(Stored items)
□ □ □ □ □ □ □
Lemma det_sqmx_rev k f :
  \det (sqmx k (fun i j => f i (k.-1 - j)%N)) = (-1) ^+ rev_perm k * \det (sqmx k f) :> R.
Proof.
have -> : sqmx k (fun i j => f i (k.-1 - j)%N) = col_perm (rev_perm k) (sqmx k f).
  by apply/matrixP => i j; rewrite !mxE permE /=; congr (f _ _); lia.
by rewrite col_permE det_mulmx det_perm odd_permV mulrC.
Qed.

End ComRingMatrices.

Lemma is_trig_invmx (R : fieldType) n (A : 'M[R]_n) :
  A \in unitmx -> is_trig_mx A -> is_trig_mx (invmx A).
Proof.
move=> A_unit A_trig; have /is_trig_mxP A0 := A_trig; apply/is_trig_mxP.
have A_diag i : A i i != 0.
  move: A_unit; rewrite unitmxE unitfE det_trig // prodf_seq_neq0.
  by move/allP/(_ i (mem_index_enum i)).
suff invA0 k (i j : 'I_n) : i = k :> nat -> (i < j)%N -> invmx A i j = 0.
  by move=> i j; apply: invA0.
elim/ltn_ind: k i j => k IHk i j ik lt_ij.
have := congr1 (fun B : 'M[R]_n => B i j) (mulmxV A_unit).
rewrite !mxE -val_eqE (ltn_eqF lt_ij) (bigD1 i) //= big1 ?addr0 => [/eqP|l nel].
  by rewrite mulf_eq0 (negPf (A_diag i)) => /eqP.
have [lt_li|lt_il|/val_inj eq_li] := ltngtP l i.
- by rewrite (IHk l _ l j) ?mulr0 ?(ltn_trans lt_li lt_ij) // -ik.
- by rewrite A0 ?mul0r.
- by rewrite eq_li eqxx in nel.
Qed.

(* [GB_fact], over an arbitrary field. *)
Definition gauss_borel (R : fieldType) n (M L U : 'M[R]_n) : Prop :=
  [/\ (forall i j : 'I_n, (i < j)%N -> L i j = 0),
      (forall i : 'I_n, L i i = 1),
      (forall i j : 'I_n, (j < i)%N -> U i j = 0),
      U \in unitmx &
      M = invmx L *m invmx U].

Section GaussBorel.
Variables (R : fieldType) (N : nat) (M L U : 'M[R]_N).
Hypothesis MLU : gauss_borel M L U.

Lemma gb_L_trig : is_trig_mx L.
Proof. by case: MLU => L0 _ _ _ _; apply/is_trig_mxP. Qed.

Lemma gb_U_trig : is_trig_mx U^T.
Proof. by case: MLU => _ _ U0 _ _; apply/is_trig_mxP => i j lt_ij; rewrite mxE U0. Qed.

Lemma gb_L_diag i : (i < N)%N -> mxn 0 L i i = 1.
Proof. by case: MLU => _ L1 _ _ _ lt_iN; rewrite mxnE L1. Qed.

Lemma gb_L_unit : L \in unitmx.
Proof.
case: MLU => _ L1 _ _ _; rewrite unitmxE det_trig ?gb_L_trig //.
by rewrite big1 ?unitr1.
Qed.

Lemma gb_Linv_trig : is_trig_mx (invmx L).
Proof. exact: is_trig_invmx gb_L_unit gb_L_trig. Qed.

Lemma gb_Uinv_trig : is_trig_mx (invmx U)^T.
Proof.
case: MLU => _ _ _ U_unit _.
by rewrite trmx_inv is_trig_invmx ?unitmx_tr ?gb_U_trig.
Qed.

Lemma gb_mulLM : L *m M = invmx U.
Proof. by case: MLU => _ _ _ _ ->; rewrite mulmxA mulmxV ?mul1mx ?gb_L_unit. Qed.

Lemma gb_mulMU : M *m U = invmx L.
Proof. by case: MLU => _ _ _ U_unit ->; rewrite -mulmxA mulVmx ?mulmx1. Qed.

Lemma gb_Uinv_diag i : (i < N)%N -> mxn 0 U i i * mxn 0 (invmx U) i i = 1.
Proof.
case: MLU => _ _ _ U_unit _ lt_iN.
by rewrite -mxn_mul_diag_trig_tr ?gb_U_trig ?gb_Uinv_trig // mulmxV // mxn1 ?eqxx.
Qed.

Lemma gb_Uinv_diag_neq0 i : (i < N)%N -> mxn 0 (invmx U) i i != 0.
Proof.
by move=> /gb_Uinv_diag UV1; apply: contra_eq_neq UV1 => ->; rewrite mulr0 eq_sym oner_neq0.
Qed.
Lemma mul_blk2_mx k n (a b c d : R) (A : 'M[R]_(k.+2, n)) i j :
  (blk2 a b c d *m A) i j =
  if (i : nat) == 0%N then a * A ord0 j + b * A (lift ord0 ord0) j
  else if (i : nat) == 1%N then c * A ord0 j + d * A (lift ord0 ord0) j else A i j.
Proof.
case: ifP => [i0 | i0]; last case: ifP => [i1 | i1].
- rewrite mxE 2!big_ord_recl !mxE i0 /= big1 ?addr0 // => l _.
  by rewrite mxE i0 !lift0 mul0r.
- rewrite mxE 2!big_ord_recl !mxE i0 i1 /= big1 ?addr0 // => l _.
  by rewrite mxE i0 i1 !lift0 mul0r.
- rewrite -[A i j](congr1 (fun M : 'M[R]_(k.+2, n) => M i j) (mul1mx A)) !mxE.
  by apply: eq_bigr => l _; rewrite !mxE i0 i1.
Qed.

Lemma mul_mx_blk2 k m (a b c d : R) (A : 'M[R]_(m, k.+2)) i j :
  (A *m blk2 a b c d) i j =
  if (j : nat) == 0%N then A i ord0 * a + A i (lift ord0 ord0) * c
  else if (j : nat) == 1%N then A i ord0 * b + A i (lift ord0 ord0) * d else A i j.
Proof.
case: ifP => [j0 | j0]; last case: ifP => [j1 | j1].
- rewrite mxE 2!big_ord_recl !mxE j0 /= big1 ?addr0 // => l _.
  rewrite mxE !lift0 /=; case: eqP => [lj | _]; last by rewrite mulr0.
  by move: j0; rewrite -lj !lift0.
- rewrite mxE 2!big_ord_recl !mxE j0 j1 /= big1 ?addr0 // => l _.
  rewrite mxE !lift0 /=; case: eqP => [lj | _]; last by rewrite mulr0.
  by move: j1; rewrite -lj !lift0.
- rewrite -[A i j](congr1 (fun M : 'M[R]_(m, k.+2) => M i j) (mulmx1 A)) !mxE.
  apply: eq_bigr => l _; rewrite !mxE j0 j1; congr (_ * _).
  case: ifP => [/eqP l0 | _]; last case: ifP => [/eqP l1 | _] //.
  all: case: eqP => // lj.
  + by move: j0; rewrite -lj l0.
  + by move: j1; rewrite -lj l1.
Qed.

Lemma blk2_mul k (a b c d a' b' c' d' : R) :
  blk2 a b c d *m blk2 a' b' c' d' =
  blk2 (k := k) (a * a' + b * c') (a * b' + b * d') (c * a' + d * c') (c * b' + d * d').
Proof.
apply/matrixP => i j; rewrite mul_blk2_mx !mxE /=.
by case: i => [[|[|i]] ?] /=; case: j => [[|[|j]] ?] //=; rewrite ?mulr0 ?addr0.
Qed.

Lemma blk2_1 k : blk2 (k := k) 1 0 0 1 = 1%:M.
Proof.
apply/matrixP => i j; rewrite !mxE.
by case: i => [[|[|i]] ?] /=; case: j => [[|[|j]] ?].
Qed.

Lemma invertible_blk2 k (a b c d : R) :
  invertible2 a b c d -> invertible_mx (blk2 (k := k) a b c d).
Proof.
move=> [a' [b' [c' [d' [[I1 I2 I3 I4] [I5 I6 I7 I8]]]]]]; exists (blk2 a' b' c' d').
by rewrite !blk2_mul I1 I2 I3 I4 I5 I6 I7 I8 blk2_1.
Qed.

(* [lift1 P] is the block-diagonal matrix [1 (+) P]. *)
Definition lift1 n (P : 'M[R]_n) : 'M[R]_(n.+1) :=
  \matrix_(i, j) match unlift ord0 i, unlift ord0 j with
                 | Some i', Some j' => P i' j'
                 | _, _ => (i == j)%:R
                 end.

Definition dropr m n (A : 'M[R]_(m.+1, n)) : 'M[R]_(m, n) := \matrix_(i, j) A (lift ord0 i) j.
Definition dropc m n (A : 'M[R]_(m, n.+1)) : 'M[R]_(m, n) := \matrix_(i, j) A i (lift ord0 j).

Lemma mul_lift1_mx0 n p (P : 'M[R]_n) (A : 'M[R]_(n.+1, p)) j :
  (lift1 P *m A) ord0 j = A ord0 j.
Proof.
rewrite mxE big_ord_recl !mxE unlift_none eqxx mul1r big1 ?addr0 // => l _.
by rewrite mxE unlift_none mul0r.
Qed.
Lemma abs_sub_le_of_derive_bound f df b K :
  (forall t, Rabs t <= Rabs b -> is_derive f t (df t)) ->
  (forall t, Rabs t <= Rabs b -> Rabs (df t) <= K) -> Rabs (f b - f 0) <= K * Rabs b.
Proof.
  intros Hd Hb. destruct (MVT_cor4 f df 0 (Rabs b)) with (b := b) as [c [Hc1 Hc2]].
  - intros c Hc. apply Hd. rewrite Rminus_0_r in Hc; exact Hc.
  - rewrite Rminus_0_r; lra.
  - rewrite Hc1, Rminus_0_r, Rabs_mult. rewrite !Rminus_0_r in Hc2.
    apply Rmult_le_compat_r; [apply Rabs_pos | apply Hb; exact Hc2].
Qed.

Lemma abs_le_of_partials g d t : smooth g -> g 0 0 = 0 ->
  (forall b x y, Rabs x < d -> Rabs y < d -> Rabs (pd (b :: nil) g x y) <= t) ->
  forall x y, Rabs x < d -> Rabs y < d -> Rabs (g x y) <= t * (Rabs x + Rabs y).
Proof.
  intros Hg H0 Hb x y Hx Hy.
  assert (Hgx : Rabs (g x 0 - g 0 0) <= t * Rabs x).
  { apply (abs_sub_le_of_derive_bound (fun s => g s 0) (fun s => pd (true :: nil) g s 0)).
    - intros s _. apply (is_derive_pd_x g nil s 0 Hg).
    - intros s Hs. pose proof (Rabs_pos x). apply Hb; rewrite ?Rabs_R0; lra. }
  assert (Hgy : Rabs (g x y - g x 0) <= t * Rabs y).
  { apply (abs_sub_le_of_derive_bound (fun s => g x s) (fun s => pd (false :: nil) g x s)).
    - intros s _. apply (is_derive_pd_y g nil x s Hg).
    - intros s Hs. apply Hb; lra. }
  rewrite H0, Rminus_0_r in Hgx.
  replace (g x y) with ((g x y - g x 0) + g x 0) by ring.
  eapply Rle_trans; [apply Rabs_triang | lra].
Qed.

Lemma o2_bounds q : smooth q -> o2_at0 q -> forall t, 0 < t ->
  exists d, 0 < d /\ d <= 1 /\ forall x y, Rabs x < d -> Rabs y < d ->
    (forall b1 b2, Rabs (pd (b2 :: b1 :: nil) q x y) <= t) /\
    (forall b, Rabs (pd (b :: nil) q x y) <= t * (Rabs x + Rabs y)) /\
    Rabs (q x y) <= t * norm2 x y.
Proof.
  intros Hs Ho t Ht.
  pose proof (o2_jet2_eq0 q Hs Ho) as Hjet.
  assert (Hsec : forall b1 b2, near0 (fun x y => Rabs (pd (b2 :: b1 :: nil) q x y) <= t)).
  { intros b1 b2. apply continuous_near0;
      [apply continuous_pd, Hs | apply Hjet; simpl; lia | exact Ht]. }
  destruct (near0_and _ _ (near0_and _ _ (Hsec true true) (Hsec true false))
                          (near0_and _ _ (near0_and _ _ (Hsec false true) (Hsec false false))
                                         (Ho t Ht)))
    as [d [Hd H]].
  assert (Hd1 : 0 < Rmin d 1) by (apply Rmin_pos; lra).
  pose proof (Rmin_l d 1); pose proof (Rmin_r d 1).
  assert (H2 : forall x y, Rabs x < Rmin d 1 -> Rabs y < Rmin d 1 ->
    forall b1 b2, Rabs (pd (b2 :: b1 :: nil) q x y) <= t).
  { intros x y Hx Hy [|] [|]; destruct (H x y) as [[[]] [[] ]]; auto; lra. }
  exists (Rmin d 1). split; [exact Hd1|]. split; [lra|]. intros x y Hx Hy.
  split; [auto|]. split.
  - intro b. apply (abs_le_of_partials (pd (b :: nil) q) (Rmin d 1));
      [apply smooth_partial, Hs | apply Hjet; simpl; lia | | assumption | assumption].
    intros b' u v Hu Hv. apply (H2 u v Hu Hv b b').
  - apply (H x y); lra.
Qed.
□ □ □ □ □ □ □
# [Exercise requirements]
Start with the line above that contains "by rewrite !blk2_mul" and stop after the line that contains "(forall t, Rabs t <= Rabs b -> is_derive". Output those lines exactly, and only those.

# [Response below]
by rewrite !blk2_mul I1 I2 I3 I4 I5 I6 I7 I8 blk2_1.
Qed.

(* [lift1 P] is the block-diagonal matrix [1 (+) P]. *)
Definition lift1 n (P : 'M[R]_n) : 'M[R]_(n.+1) :=
  \matrix_(i, j) match unlift ord0 i, unlift ord0 j with
                 | Some i', Some j' => P i' j'
                 | _, _ => (i == j)%:R
                 end.

Definition dropr m n (A : 'M[R]_(m.+1, n)) : 'M[R]_(m, n) := \matrix_(i, j) A (lift ord0 i) j.
Definition dropc m n (A : 'M[R]_(m, n.+1)) : 'M[R]_(m, n) := \matrix_(i, j) A i (lift ord0 j).

Lemma mul_lift1_mx0 n p (P : 'M[R]_n) (A : 'M[R]_(n.+1, p)) j :
  (lift1 P *m A) ord0 j = A ord0 j.
Proof.
rewrite mxE big_ord_recl !mxE unlift_none eqxx mul1r big1 ?addr0 // => l _.
by rewrite mxE unlift_none mul0r.
Qed.
Lemma abs_sub_le_of_derive_bound f df b K :
  (forall t, Rabs t <= Rabs b -> is_derive f t (df t)) ->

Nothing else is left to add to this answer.